Material for the task:
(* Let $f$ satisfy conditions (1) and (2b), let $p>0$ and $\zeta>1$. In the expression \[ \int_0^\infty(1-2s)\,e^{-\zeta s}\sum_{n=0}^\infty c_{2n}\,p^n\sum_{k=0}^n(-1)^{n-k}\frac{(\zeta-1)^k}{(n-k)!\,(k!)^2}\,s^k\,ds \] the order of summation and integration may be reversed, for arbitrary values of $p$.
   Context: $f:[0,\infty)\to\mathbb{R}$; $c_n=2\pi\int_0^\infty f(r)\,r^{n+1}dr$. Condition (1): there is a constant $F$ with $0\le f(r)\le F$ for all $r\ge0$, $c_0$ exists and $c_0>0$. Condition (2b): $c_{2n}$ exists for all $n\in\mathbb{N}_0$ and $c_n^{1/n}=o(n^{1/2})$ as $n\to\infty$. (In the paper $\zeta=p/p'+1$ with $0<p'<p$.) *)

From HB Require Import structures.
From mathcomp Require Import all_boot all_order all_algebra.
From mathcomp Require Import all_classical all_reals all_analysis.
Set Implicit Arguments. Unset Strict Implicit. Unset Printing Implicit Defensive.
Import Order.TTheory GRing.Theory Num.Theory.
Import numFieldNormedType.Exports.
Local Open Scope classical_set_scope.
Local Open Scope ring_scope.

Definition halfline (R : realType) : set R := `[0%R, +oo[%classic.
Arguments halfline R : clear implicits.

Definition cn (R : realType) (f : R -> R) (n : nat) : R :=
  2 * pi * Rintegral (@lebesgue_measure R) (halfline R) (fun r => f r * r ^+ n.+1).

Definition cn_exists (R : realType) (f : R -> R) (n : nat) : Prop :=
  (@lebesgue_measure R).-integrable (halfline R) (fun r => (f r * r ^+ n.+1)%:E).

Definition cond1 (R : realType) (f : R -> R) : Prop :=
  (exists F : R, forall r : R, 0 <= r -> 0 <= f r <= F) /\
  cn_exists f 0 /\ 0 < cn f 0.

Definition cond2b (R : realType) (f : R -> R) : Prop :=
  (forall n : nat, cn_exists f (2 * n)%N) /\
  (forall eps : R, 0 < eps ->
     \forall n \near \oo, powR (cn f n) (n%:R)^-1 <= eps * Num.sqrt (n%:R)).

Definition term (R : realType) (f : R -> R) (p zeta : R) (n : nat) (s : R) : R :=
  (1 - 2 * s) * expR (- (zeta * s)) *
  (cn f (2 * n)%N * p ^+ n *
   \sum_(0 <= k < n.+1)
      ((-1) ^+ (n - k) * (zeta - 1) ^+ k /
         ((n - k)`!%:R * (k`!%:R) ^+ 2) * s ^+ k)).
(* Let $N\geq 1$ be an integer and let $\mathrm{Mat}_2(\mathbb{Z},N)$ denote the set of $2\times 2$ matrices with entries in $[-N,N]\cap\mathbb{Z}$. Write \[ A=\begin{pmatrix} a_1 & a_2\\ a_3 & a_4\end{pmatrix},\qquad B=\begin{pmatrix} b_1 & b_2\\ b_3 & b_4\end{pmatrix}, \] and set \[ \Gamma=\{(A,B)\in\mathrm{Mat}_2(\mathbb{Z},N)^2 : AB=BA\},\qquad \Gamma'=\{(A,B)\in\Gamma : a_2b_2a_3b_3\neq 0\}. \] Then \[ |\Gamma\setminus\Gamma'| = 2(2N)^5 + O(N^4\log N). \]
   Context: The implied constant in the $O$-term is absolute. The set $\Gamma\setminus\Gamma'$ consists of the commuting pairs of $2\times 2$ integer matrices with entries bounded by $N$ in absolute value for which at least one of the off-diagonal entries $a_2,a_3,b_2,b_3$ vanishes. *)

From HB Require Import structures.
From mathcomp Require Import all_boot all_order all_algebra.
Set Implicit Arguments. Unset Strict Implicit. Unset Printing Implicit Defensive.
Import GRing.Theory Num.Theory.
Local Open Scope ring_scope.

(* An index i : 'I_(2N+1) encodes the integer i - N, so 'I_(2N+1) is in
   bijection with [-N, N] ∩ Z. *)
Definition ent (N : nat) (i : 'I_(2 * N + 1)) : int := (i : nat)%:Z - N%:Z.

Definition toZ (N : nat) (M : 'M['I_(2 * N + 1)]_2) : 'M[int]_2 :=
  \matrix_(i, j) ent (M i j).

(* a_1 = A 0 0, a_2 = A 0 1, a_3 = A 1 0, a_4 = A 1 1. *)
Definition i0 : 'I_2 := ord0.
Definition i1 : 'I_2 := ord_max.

Task directions:
Nothing in the data may change. Give it again in full.

Exercise solution:
(* Let $f$ satisfy conditions (1) and (2b), let $p>0$ and $\zeta>1$. In the expression \[ \int_0^\infty(1-2s)\,e^{-\zeta s}\sum_{n=0}^\infty c_{2n}\,p^n\sum_{k=0}^n(-1)^{n-k}\frac{(\zeta-1)^k}{(n-k)!\,(k!)^2}\,s^k\,ds \] the order of summation and integration may be reversed, for arbitrary values of $p$.
   Context: $f:[0,\infty)\to\mathbb{R}$; $c_n=2\pi\int_0^\infty f(r)\,r^{n+1}dr$. Condition (1): there is a constant $F$ with $0\le f(r)\le F$ for all $r\ge0$, $c_0$ exists and $c_0>0$. Condition (2b): $c_{2n}$ exists for all $n\in\mathbb{N}_0$ and $c_n^{1/n}=o(n^{1/2})$ as $n\to\infty$. (In the paper $\zeta=p/p'+1$ with $0<p'<p$.) *)

From HB Require Import structures.
From mathcomp Require Import all_boot all_order all_algebra.
From mathcomp Require Import all_classical all_reals all_analysis.
Set Implicit Arguments. Unset Strict Implicit. Unset Printing Implicit Defensive.
Import Order.TTheory GRing.Theory Num.Theory.
Import numFieldNormedType.Exports.
Local Open Scope classical_set_scope.
Local Open Scope ring_scope.

Definition halfline (R : realType) : set R := `[0%R, +oo[%classic.
Arguments halfline R : clear implicits.

Definition cn (R : realType) (f : R -> R) (n : nat) : R :=
  2 * pi * Rintegral (@lebesgue_measure R) (halfline R) (fun r => f r * r ^+ n.+1).

Definition cn_exists (R : realType) (f : R -> R) (n : nat) : Prop :=
  (@lebesgue_measure R).-integrable (halfline R) (fun r => (f r * r ^+ n.+1)%:E).

Definition cond1 (R : realType) (f : R -> R) : Prop :=
  (exists F : R, forall r : R, 0 <= r -> 0 <= f r <= F) /\
  cn_exists f 0 /\ 0 < cn f 0.

Definition cond2b (R : realType) (f : R -> R) : Prop :=
  (forall n : nat, cn_exists f (2 * n)%N) /\
  (forall eps : R, 0 < eps ->
     \forall n \near \oo, powR (cn f n) (n%:R)^-1 <= eps * Num.sqrt (n%:R)).

Definition term (R : realType) (f : R -> R) (p zeta : R) (n : nat) (s : R) : R :=
  (1 - 2 * s) * expR (- (zeta * s)) *
  (cn f (2 * n)%N * p ^+ n *
   \sum_(0 <= k < n.+1)
      ((-1) ^+ (n - k) * (zeta - 1) ^+ k /
         ((n - k)`!%:R * (k`!%:R) ^+ 2) * s ^+ k)).
(* Let $N\geq 1$ be an integer and let $\mathrm{Mat}_2(\mathbb{Z},N)$ denote the set of $2\times 2$ matrices with entries in $[-N,N]\cap\mathbb{Z}$. Write \[ A=\begin{pmatrix} a_1 & a_2\\ a_3 & a_4\end{pmatrix},\qquad B=\begin{pmatrix} b_1 & b_2\\ b_3 & b_4\end{pmatrix}, \] and set \[ \Gamma=\{(A,B)\in\mathrm{Mat}_2(\mathbb{Z},N)^2 : AB=BA\},\qquad \Gamma'=\{(A,B)\in\Gamma : a_2b_2a_3b_3\neq 0\}. \] Then \[ |\Gamma\setminus\Gamma'| = 2(2N)^5 + O(N^4\log N). \]
   Context: The implied constant in the $O$-term is absolute. The set $\Gamma\setminus\Gamma'$ consists of the commuting pairs of $2\times 2$ integer matrices with entries bounded by $N$ in absolute value for which at least one of the off-diagonal entries $a_2,a_3,b_2,b_3$ vanishes. *)

From HB Require Import structures.
From mathcomp Require Import all_boot all_order all_algebra.
Set Implicit Arguments. Unset Strict Implicit. Unset Printing Implicit Defensive.
Import GRing.Theory Num.Theory.
Local Open Scope ring_scope.

(* An index i : 'I_(2N+1) encodes the integer i - N, so 'I_(2N+1) is in
   bijection with [-N, N] ∩ Z. *)
Definition ent (N : nat) (i : 'I_(2 * N + 1)) : int := (i : nat)%:Z - N%:Z.

Definition toZ (N : nat) (M : 'M['I_(2 * N + 1)]_2) : 'M[int]_2 :=
  \matrix_(i, j) ent (M i j).

(* a_1 = A 0 0, a_2 = A 0 1, a_3 = A 1 0, a_4 = A 1 1. *)
Definition i0 : 'I_2 := ord0.
Definition i1 : 'I_2 := ord_max.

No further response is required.